Par exemple, sa société, qui avait initialement
ciblé les secteurs des semi-conducteurs et de l'informatique, travaille
actuellement sur deux projets. L'un dans l'industrie hydraulique,
impliquant un approvisionnement en eau et le traitement de l'eau, et
l'autre sur la distribution de matériel médical.
Bien que certains fonds d'invetissement israéliens
enregistrent une baisse de leurs performances en Chine, Infinity
Group estime qu'il existe beaucoup de secteurs potentiels que les
investisseurs pourraient analyser calmement avant de tirer la
sonnette d'alarme.
"La Chine est un pays très peuplé et la croissance
de son produit intérieur brut s'établit autour de 10% par an.

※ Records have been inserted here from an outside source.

(* Let $p\ge1$. Let $U$, $V$ be discrete random variables taking values in a common finite set $\mathcal{U}$, and $W$ a discrete random variable taking values in a finite set $\mathcal{W}$, all on a common probability space, such that $\|u-u'\|_p=\sqrt[p]{2}$ for distinct $u,u'\in\mathcal{U}$ and $\|w-w'\|_p=\sqrt[p]{2}$ for distinct $w,w'\in\mathcal{W}$ (and $0$ for equal points). Equip pairs with the ground metric $\|(u,w)-(u',w')\|_p=\left(\|u-u'\|_p^p+\|w-w'\|_p^p\right)^{1/p}$. Then, with $W_1$ the 1-Wasserstein distance, $$W_1(p(U,W),p(U)p(W))=\sum_{w}W_1(p(U\mid W=w),p(U))\,\mathbb{P}(W=w),$$ $$W_1(p(U,W),p(V,W))=\sum_{w}W_1(p(U\mid W=w),p(V\mid W=w))\,\mathbb{P}(W=w),$$ $$W_1(p(U)p(W),p(V)p(W))=\sum_{w}W_1(p(U),p(V))\,\mathbb{P}(W=w).$$
   Context: $p(U,W)$ denotes the joint law, $p(U)p(W)$ the product of marginal laws, and $p(U\mid W=w)$ the conditional law. *)

From HB Require Import structures.
From mathcomp Require Import all_boot all_order all_algebra.
From mathcomp Require Import all_classical all_reals all_analysis.
Set Implicit Arguments. Unset Strict Implicit. Unset Printing Implicit Defensive.
Import Order.TTheory GRing.Theory Num.Theory.
Local Open Scope classical_set_scope.
Local Open Scope ring_scope.

Definition pnorm (R : realType) (p : R) (n : nat) (x : 'rV[R]_n) : R :=
  (\sum_(i < n) `|x ord0 i| `^ p) `^ p^-1.

Definition coupling (R : realType) (X Y : finType) (mu : X -> R) (nu : Y -> R)
  (pi : X * Y -> R) : Prop :=
  [/\ forall z, 0 <= pi z,
      forall x, \sum_(y : Y) pi (x, y) = mu x
    & forall y, \sum_(x : X) pi (x, y) = nu y].

Definition W1 (R : realType) (X : finType) (c : X -> X -> R) (mu nu : X -> R) : R :=
  inf [set (\sum_(z : X * X) pi z * c z.1 z.2) | pi in [set pi | coupling mu nu pi]].

Definition pair_cost (R : realType) (p : R) (A B : finType)
  (cA : A -> A -> R) (cB : B -> B -> R) (x y : A * B) : R :=
  (cA x.1 y.1 `^ p + cB x.2 y.2 `^ p) `^ p^-1.

Section Laws.
Context (R : realType) (d : measure_display) (T : measurableType d)
  (P : probability T R).

Definition law (A : finType) (X : T -> A) (a : A) : R :=
  fine (P (X @^-1` [set a])).

Definition jlaw (A B : finType) (X : T -> A) (Y : T -> B) (z : A * B) : R :=
  fine (P (X @^-1` [set z.1] `&` Y @^-1` [set z.2])).

Definition plaw (A B : finType) (X : T -> A) (Y : T -> B) (z : A * B) : R :=
  law X z.1 * law Y z.2.

Definition claw (A B : finType) (X : T -> A) (Y : T -> B) (b : B) (a : A) : R :=
  jlaw X Y (a, b) / law Y b.
End Laws.

From HB Require Import structures.
From mathcomp Require Import all_boot all_order all_algebra.
From mathcomp Require Import all_classical all_reals all_analysis.
From mathcomp Require Import lra.

Set Implicit Arguments.
Unset Strict Implicit.
Unset Printing Implicit Defensive.
Import Order.TTheory GRing.Theory Num.Theory.
Local Open Scope classical_set_scope.
Local Open Scope ring_scope.

(* Distinct points of U are all at distance k = 2^(1/p), and so are those of W.
   Hence the pair cost vanishes on the diagonal, is at least k off it, and
   equals k between pairs with the same W-coordinate.  For such a cost and two
   laws giving equal mass to every W-fibre, a coupling must move the surplus
   sum_x (mu x - min (mu x) (nu x)) off the diagonal at cost at least k per
   unit, and moving it inside the fibres costs exactly k: W1 is k times the
   total variation.  The total variation splits over the fibres, and on the
   fibre W = w both laws are P(W = w) times laws of U, whose W1 is again k
   times their total variation. *)

Lemma sumr_pair (V : nmodType) (A B : finType) (F : A * B -> V) :
  \sum_z F z = \sum_a \sum_b F (a, b).
Proof. by rewrite pair_bigA; apply: eq_bigr => -[]. Qed.

Lemma sumr_snd_eq (V : nmodType) (A B : finType) (F : A * B -> V) b :
  \sum_(z | z.2 == b) F z = \sum_a F (a, b).
Proof.
rewrite big_mkcond sumr_pair; apply: eq_bigr => a _.
by rewrite -big_mkcond big_pred1_eq.
Qed.

Definition tv_dist {R : realDomainType} {X : finType} (mu nu : X -> R) : R :=
  \sum_x (mu x - Num.min (mu x) (nu x)).

Lemma tv_distZr (R : realDomainType) (X : finType) (mu nu : X -> R) q : 0 <= q ->
  tv_dist (fun x => mu x * q) (fun x => nu x * q) = tv_dist mu nu * q.
Proof.
move=> q_ge0; rewrite /tv_dist mulr_suml; apply: eq_bigr => x _.
by rewrite -minr_pMl // mulrBl.
Qed.

Lemma tv_dist_pair (R : realDomainType) (A B : finType) (mu nu : A * B -> R) :
  tv_dist mu nu = \sum_b tv_dist (fun a => mu (a, b)) (fun a => nu (a, b)).
Proof. by rewrite /tv_dist sumr_pair exchange_big. Qed.

Lemma W1_eq (R : realType) (X : finType) (c : X -> X -> R) (mu nu : X -> R) r :
  (exists2 pi, coupling mu nu pi & \sum_z pi z * c z.1 z.2 = r) ->
  (forall pi, coupling mu nu pi -> r <= \sum_z pi z * c z.1 z.2) ->
  W1 c mu nu = r.
Proof.
move=> [pi pi_cpl <-] pi_min.
rewrite /W1; set S := [set _ | _ in _].
have S_pi : S (\sum_z pi z * c z.1 z.2) by exists pi.
have S_lb : lbound S (\sum_z pi z * c z.1 z.2) by move=> _ [pi' /pi_min ? <-].
apply/eqP; rewrite eq_le; apply/andP; split.
  by apply: ge_inf => //; exists (\sum_z pi z * c z.1 z.2).
by apply: lb_le_inf => //; exists (\sum_z pi z * c z.1 z.2).
Qed.
(* For an integer $\ell\ge 2$, let $G_\ell$ be the graph obtained from the disjoint union of $\ell$ copies of $K_3$ by adding one new vertex adjacent to all $3\ell$ vertices of these copies. Then $G_\ell$ is planar and $\dim_l(G_\ell)=2\ell$. Consequently, there exist connected planar graphs $G$ with $\dim_l(G)>\left\lceil \frac{n(G)+1}{2}\right\rceil$.
   Context: All graphs are finite and simple; $n(G)$ is the number of vertices. For vertices $x,y$ of a connected graph $G$, $d_G(x,y)$ is the length of a shortest $x,y$-path. A vertex $w$ distinguishes vertices $u,v$ if $d_G(u,w)\neq d_G(v,w)$. A set $W\subseteq V(G)$ is a local resolving set of $G$ if for every pair of adjacent vertices $u,v\in V(G)\setminus W$ some vertex of $W$ distinguishes $u$ and $v$. The local metric dimension $\dim_l(G)$ is the minimum cardinality of a local resolving set of $G$. *)

From HB Require Import structures.
From mathcomp Require Import all_boot all_order all_algebra.
From mathcomp Require Import all_classical all_reals topology normedtype.
From mathcomp Require Import Rstruct Rstruct_topology.
Set Implicit Arguments. Unset Strict Implicit. Unset Printing Implicit Defensive.
Import Order.TTheory GRing.Theory Num.Theory.

Definition simple_graph (T : finType) (e : rel T) : Prop :=
  irreflexive e /\ symmetric e.

Definition graph_connected (T : finType) (e : rel T) : Prop :=
  forall x y : T, connect e x y.

Fixpoint reachn (T : finType) (e : rel T) (n : nat) (x y : T) : bool :=
  match n with
  | 0 => x == y
  | n'.+1 => reachn e n' x y || [exists z, reachn e n' x z && e z y]
  end.

(* d_G(x,y): least n such that there is an x,y-walk of length n (for a
   connected graph this is < #|T|). *)
Definition dist (T : finType) (e : rel T) (x y : T) : nat :=
  find (fun n => reachn e n x y) (iota 0 #|T|).

Definition distinguishes (T : finType) (e : rel T) (w u v : T) : bool :=
  dist e u w != dist e v w.
Lemma bvnorm_ge0 N n (p : 'I_N -> 'cV[R]_n) : 0 <= bvnorm p.
Proof.
rewrite /bvnorm; elim/big_ind: _ => // [x y hx hy|i _].
  by rewrite le_max hx.
exact: vnorm_ge0.
Qed.

Lemma ler_vnorm_bvnorm N n (p : 'I_N -> 'cV[R]_n) i : vnorm (p i) <= bvnorm p.
Proof. exact: (le_bigmax _ (fun i => vnorm (p i)) i). Qed.

Lemma bvnorm_le N n (p : 'I_N -> 'cV[R]_n) M :
  0 <= M -> (forall i, vnorm (p i) <= M) -> bvnorm p <= M.
Proof. by move=> M_ge0 le_pM; apply: bigmax_le. Qed.

Lemma mnorm_ge0 m n (A : 'M[R]_(m, n)) : 0 <= mnorm A.
Proof.
rewrite /mnorm; elim/big_ind: _ => // [x y hx hy|i _].
  by rewrite le_max hx.
by rewrite sumr_ge0.
Qed.

Lemma ler_row_sum_mnorm m n (A : 'M[R]_(m, n)) i : \sum_j `|A i j| <= mnorm A.
Proof. exact: (le_bigmax _ (fun i => \sum_j `|A i j|) i). Qed.

Lemma ler_vnorm_mul m n (A : 'M[R]_(m, n)) (u : 'cV[R]_n) :
  vnorm (A *m u) <= mnorm A * vnorm u.
Proof.
apply: vnorm_le => [|i]; first by rewrite mulr_ge0 ?vnorm_ge0 ?mnorm_ge0.
rewrite mxE (le_trans (ler_norm_sum _ _ _)) //.
apply: (@le_trans _ _ (\sum_j `|A i j| * vnorm u)).
  by apply: ler_sum => j _; rewrite normrM ler_wpM2l ?ler_entry_vnorm.
by rewrite -mulr_suml ler_wpM2r ?vnorm_ge0 ?ler_row_sum_mnorm.
Qed.

Lemma ler_vnorm_weighted_sum N n (w : 'I_N -> R) (A : 'I_N -> 'M[R]_n)
    (X : 'I_N -> 'cV[R]_n) (a : R) :
  (forall j, 0 <= w j) -> (forall j, mnorm (A j) <= a) ->
  vnorm (\sum_j w j *: (A j *m X j)) <= (\sum_j w j) * a * bvnorm X.
Proof.
move=> w_ge0 le_Aa; rewrite !mulr_suml.
apply: le_trans (ler_vnorm_sum _ _) _; apply: ler_sum => j _.
rewrite -mulrA (le_trans (ler_vnormZ _ _)) // ger0_norm // ler_wpM2l //.
rewrite (le_trans (ler_vnorm_mul _ _)) // ler_pM ?mnorm_ge0 ?vnorm_ge0 //.
exact: ler_vnorm_bvnorm.
Qed.

End InfinityNorms.

Lemma linear_inj_surj (K : fieldType) m n
    (f : {linear 'M[K]_(m, n) -> 'M[K]_(m, n)}) :
  (forall M, f M = 0 -> M = 0) -> forall T, exists M, f M = T.
Proof.
move=> f_inj T.
have f_unit : lin_mx f \in unitmx.
  rewrite -row_free_unit; apply: inj_row_free => v fv0.
  have : f (vec_mx v) = 0 by rewrite -mx_rV_lin fv0 linear0.
  by move/f_inj => v0; rewrite -(vec_mxK v) v0 linear0.
exists (vec_mx (mxvec T *m invmx (lin_mx f))).
by rewrite -mx_rV_lin mulmxKV // mxvecK.
Qed.
Lemma sum_state_response s1 s2 beta' (A' : car M1 + car M2 -> Prop) s1' s2' :
  sn s1 = sn s2 ->
  iso_response theta s1 beta' (fun a => A' (inl a)) s1' ->
  iso_response theta s2 beta' (fun p => A' (inr p)) s2' ->
  iso_response theta (sum_state s1 s2) beta' A' (sum_state s1' s2').
Proof.
  intros En Hr1 Hr2.
  destruct_response Hr1 Is1 Hn1 Hb1 HA11 HA21 Hh11 Hh21 Hg1 HA1e1 HA2e1 Hnew1 Hdom1.
  destruct_response Hr2 Is2 Hn2 Hb2 HA12 HA22 Hh12 Hh22 Hg2 HA1e2 HA2e2 Hnew2 Hdom2.
  split; [apply is_state_sum_state; auto; congruence|].
  split; [exact Hn1|]. split; [exact Hb1|].
  split; [intros [a|p]; simpl; auto|]. split; [intros [b|q]; simpl; auto|].
  split; [intros [a|p]; simpl; auto|]. split; [intros [b|q]; simpl; auto|].
  split; [intros [a|p] [b|q]; simpl; auto|].
  split; [intros [a|p]; simpl; auto|].
  split.
  { intro y. pose proof (sum_rel_rng (sg s1') (sg s2') y) as R.
    destruct y as [b|q]; simpl in *; [rewrite HA2e1|rewrite HA2e2]; tauto. }
  split; [intros [a|p]; simpl; [|rewrite En]; auto|].
  intro x. pose proof (sum_rel_dom (sg s1') (sg s2') x) as R.
  destruct x as [a|p]; simpl in *; [rewrite <- Hdom1|rewrite En, <- Hdom2]; tauto.
Qed.

End SumStep.

Lemma sum_answer (M1 M2 N1 N2 : structure t)
  (Q1 : state t alpha M1 N1 -> Prop) (Q2 : state t alpha M2 N2 -> Prop) :
  iso_can_answer t theta alpha M1 N1 Q1 -> iso_can_answer t theta alpha M2 N2 Q2 ->
  iso_can_answer t theta alpha (sum_struct t H M1 M2) (sum_struct t H N1 N2)
    (combined t theta alpha (sum_struct t H) sum_link M1 M2 N1 N2 Q1 Q2).
Proof.
  intros HQ1 HQ2 St [HSt [s1 [s2 [Hq1 [Hs1 [Hq2 [Hs2 [-> [En Eb]]]]]]]]] beta' A' Hlt HA Hc.
  destruct (HQ1 s1 Hq1 beta' (fun a => A' (inl a))) as [s1' [Hr1 Hq1']].
  { exact Hlt. }
  { intros a Ha. apply (HA (inl a)), Ha. }
  { eapply card_le_trans; [|exact Hc]. exists (fun z => exist A' (inl (proj1_sig z)) (proj2_sig z)).
    intros [a h] [a' h'] E; inversion E; subst; f_equal; apply proof_irrelevance. }
  destruct (HQ2 s2 Hq2 beta' (fun p => A' (inr p))) as [s2' [Hr2 Hq2']].
  { rewrite <- Eb. exact Hlt. }
  { intros p Hp. apply (HA (inr p)), Hp. }
  { eapply card_le_trans; [|exact Hc]. exists (fun z => exist A' (inr (proj1_sig z)) (proj2_sig z)).
    intros [a h] [a' h'] E; inversion E; subst; f_equal; apply proof_irrelevance. }
  pose proof (sum_state_response _ _ _ _ _ _ _ _ _ _ En Hr1 Hr2) as Hr.
  exists (sum_state M1 M2 N1 N2 s1' s2'). split; [exact Hr|].
  split; [exact (proj1 Hr)|]. exists s1', s2'.
  split; [exact Hq1'|split; [exact (proj1 Hr1)|split; [exact Hq2'|split; [exact (proj1 Hr2)|]]]].
  destruct Hr1 as [_ [Hn1 [Hb1 _]]], Hr2 as [_ [Hn2 [Hb2 _]]].
  split; [reflexivity|split; congruence].
Qed.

Au fur et
à mesure que la classe moyenne se développe, la population s'enrichit
et les consommateurs se tournent de plus en plus vers les produits de luxe
comme les bijoux", a indiqué Daniel Sueke, analyste en chef de GEAM funds,
qui opère sur le marché de la bijouterie.
Importance de commercialiser des produits demandés
en Chine
Selon Amos Yudan, PDG de Commodan Far East, une
société commerciale ayant pour objectif de promouvoir les affaires entre
la Chine et Israël, la présence israélienne en Chine est
fondamentale pour garantir un succès commercial israélien en
Chine.
M. Yudan a noté que des sociétés israéliennes ont
échoué en Chine à cause de deux raisons, l'une est qu'elles n'avaient pas
de représentants dans le pays et que leur bureau n'était pas assez
fort, et l'autre est que leurs produits n'étaient pas demandés en
Chine.
"Les exportations israéliennes vers la Chine ont
augmenté de 19% pour atteindre 1,2 miliard de dollars en 2008 contre 1,04
millard de dollars en 2007. Le mois de décembre 2008 a aussi
enregistré une hausse de 20% des exportations à novembre dernier,
bien que les exportations aient diminué de 20% par rapport aux
chiffres de décembre 2007.
M. Yudan a noté que l'avenir des investissements
israéliens en Chine dépendra de l'impact de la crise financière mondiale
ainsi que de l'effet du plan de relance et d'autres réformes
économiques de la Chine.
"Il ne fait aucun doute qu'il existe un fort
potentiel en Chine et qu'Israël dispose de beaucoup de technologies
demandées en Chine dans plusieurs domaines, notamment dans ceux de
l'agriculture, de la médecine et des communications", a ajouté M.
Yudan.
"Le problème est que les futurs investissements
sont considérés comme un apport financier à la Chine à sens unique et que
la crise économique a rendu l'accès des investisseurs israéliens
au capital plus problématique", a-t-il ajouté.